### Data provided
(* Let $y>0$ and $\mathscr{C}_n(y)=\displaystyle\int_0^y\frac{t\sinh t}{t^2+\pi^2n^2}\,dt$ for $n\in\mathbb{Z}$. Then the discrete Hilbert transform of $(\mathscr{C}_n(y))_{n\in\mathbb{Z}}$, i.e. the sequence $\frac{1}{\pi}\sum_{m\in\mathbb{Z}\setminus\{0\}}\frac{\mathscr{C}_{n-m}(y)}{m}$, is given by \[ \mathscr{D}_n(y)=\frac{1}{\pi n}\Bigl(\sinh y-\frac{y^2\sinh y}{y^2+\pi^2n^2}\Bigr)\quad(n\neq0),\qquad \mathscr{D}_0(y)=0. \] *)

From Stdlib Require Import Reals Lra ZArith.
From Coquelicot Require Import Coquelicot.
Open Scope R_scope.

Definition Cn (n : Z) (y : R) : R :=
  RInt (fun t => t * sinh t / (t ^ 2 + PI ^ 2 * (IZR n) ^ 2)) 0 y.

Definition Dn (n : Z) (y : R) : R :=
  if Z.eqb n 0 then 0
  else / (PI * IZR n) * (sinh y - y ^ 2 * sinh y / (y ^ 2 + PI ^ 2 * (IZR n) ^ 2)).

(* the m-th pair of terms (m >= 1) of sum over m in Z\{0} of C_{n-m}(y)/m:
   C_{n-m}/m + C_{n+m}/(-m) *)
Definition hilb_pair (n : Z) (y : R) (m : nat) : R :=
  (Cn (n - Z.of_nat m) y - Cn (n + Z.of_nat m) y) / INR m.

Definition hilb_partial (n : Z) (y : R) (N : nat) : R :=
  / PI * sum_n_m (hilb_pair n y) 1 N.

From Stdlib Require Import Reals Lra Lia ZArith.
From Coquelicot Require Import Coquelicot.
Open Scope R_scope.

(* Write w_t(x) = 1 / (t^2 + pi^2 x^2), so that C_k(y) is the integral over [0, y] of
   t sinh t w_t(k). For n = p > 0, partial fractions turn the integrand of
   (C_{p-m} - C_{p+m}) / m into pi^2 t sinh t w_t(p) (h(p-m) + h(p+m)), where
   h(x) = (p + x) w_t(x). Summed over 1 <= m <= N, this runs over the window
   [p-N, p+N]; moving it to [-N, N] costs 2p boundary terms of size O(1/N), and on
   [-N, N] the odd part of h cancels, leaving p times a partial sum of
   coth t / t = 1/t^2 + 2 sum_{k>=1} w_t(k). That expansion comes from the Fourier
   cosine coefficients of cosh(t (2s - 1)) on [0, 1/2] and the Riemann-Lebesgue lemma
   applied to the Dirichlet kernel, and converges at rate O(1/N) uniformly in
   t in (0, y]. The limit integrand is the derivative of pi^2 p sinh t w_t(p), whose
   integral is pi D_p(y). Summability follows from |C_j(y)| <= y^2 sinh y / (pi j)^2,
   and n <= 0 reduces to n > 0 because C_{-j} = C_j. *)

Lemma continuous_of_continuity_pt (f : R -> R) (x : R) :
  continuity_pt f x -> continuous f x.
Proof. apply continuity_pt_filterlim. Qed.

Lemma continuous_sin_lin (lam x : R) : continuous (fun s => sin (lam * s)) x.
Proof. apply (ex_derive_continuous (V := R_NormedModule)); auto_derive; auto. Qed.

(* Coquelicot states these for an abstract normed module; the copies below keep the
   equalities at type [R], where [ring], [field] and [lra] apply. The annotation [:> R]
   on later equations between sums serves the same purpose. *)
Lemma is_RInt_ext_R (f g : R -> R) (a b l : R) :
  (forall x, Rmin a b < x < Rmax a b -> f x = g x) -> is_RInt f a b l -> is_RInt g a b l.
Proof. apply (is_RInt_ext (V := R_NormedModule)). Qed.

Lemma ex_RInt_ext_R (f g : R -> R) (a b : R) :
  (forall x, Rmin a b < x < Rmax a b -> f x = g x) -> ex_RInt f a b -> ex_RInt g a b.
Proof. apply (ex_RInt_ext (V := R_NormedModule)). Qed.

Lemma is_RInt_plus_R (f g : R -> R) (a b If Ig : R) :
  is_RInt f a b If -> is_RInt g a b Ig -> is_RInt (fun s => f s + g s) a b (If + Ig).
Proof. apply (is_RInt_plus (V := R_NormedModule)). Qed.

Lemma is_RInt_minus_R (f g : R -> R) (a b If Ig : R) :
  is_RInt f a b If -> is_RInt g a b Ig -> is_RInt (fun s => f s - g s) a b (If - Ig).
Proof. apply (is_RInt_minus (V := R_NormedModule)). Qed.

Lemma is_RInt_scal_R (f : R -> R) (a b k If : R) :
  is_RInt f a b If -> is_RInt (fun s => k * f s) a b (k * If).
Proof. apply (is_RInt_scal (V := R_NormedModule)). Qed.

Lemma is_RInt_const_R (a b c : R) : is_RInt (fun _ => c) a b ((b - a) * c).
Proof. apply (is_RInt_const (V := R_NormedModule)). Qed.

Lemma sum_n_m_1_O (f : nat -> R) : sum_n_m f 1 0 = 0.
Proof. apply (sum_n_m_zero (G := R_AbelianMonoid)). lia. Qed.

Lemma sum_n_m_1_S (f : nat -> R) (N : nat) :
  sum_n_m f 1 (S N) = sum_n_m f 1 N + f (S N).
Proof. apply (sum_n_Sm (G := R_AbelianMonoid)). lia. Qed.

Lemma sum_n_m_mult_l_R (c : R) (f : nat -> R) (n m : nat) :
  sum_n_m (fun k => c * f k) n m = c * sum_n_m f n m.
Proof. apply (sum_n_m_mult_l (K := R_Ring)). Qed.

Lemma sum_n_m_ext_R (f g : nat -> R) (n m : nat) :
  (forall k, (n <= k <= m)%nat -> f k = g k) -> sum_n_m f n m = sum_n_m g n m.
Proof. intros Hfg. apply sum_n_m_ext_loc, Hfg. Qed.

Lemma sum_n_m_plus_R (f g : nat -> R) (n m : nat) :
  sum_n_m (fun k => f k + g k) n m = sum_n_m f n m + sum_n_m g n m.
Proof. apply (sum_n_m_plus (G := R_AbelianMonoid)). Qed.

Lemma is_RInt_sum_n_m_1 (f : nat -> R -> R) (l : nat -> R) (a b : R) (N : nat) :
  (forall k, (1 <= k)%nat -> is_RInt (f k) a b (l k)) ->
  is_RInt (fun s => sum_n_m (fun k => f k s) 1 N) a b (sum_n_m l 1 N).
Proof.
  intros Hf. induction N as [| N IH].
  - rewrite sum_n_m_1_O, <- (Rmult_0_r (b - a)).
    apply (is_RInt_ext_R (fun _ => 0)); [intros; rewrite sum_n_m_1_O; reflexivity|].
    apply is_RInt_const_R.
  - rewrite sum_n_m_1_S.
    apply (is_RInt_ext_R (fun s => sum_n_m (fun k => f k s) 1 N + f (S N) s));
      [intros; rewrite sum_n_m_1_S; reflexivity|].
    apply (is_RInt_plus_R _ _ _ _ _ _ IH), Hf. lia.
Qed.

Lemma sum_n_m_telescope (g : R -> R) (p : nat) :
  sum_n_m (fun i => g (INR i) - g (INR i - 1)) 1 p = g (INR p) - g 0 :> R.
Proof.
  induction p as [| p IH].
  - rewrite sum_n_m_1_O. simpl. ring.
  - rewrite sum_n_m_1_S, IH. cbv beta. rewrite S_INR.
    replace (INR p + 1 - 1) with (INR p) by ring. ring.
Qed.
######
- _What is needed_
Above are some lines. Repeat exactly, and only, those from the line that has "is_RInt (fun s => sum_n_m" through the line that has "- rewrite sum_n_m_1_O. simpl. ring.".

- _Exercise output_
  is_RInt (fun s => sum_n_m (fun k => f k s) 1 N) a b (sum_n_m l 1 N).
Proof.
  intros Hf. induction N as [| N IH].
  - rewrite sum_n_m_1_O, <- (Rmult_0_r (b - a)).
    apply (is_RInt_ext_R (fun _ => 0)); [intros; rewrite sum_n_m_1_O; reflexivity|].
    apply is_RInt_const_R.
  - rewrite sum_n_m_1_S.
    apply (is_RInt_ext_R (fun s => sum_n_m (fun k => f k s) 1 N + f (S N) s));
      [intros; rewrite sum_n_m_1_S; reflexivity|].
    apply (is_RInt_plus_R _ _ _ _ _ _ IH), Hf. lia.
Qed.

Lemma sum_n_m_telescope (g : R -> R) (p : nat) :
  sum_n_m (fun i => g (INR i) - g (INR i - 1)) 1 p = g (INR p) - g 0 :> R.
Proof.
  induction p as [| p IH].
  - rewrite sum_n_m_1_O. simpl. ring.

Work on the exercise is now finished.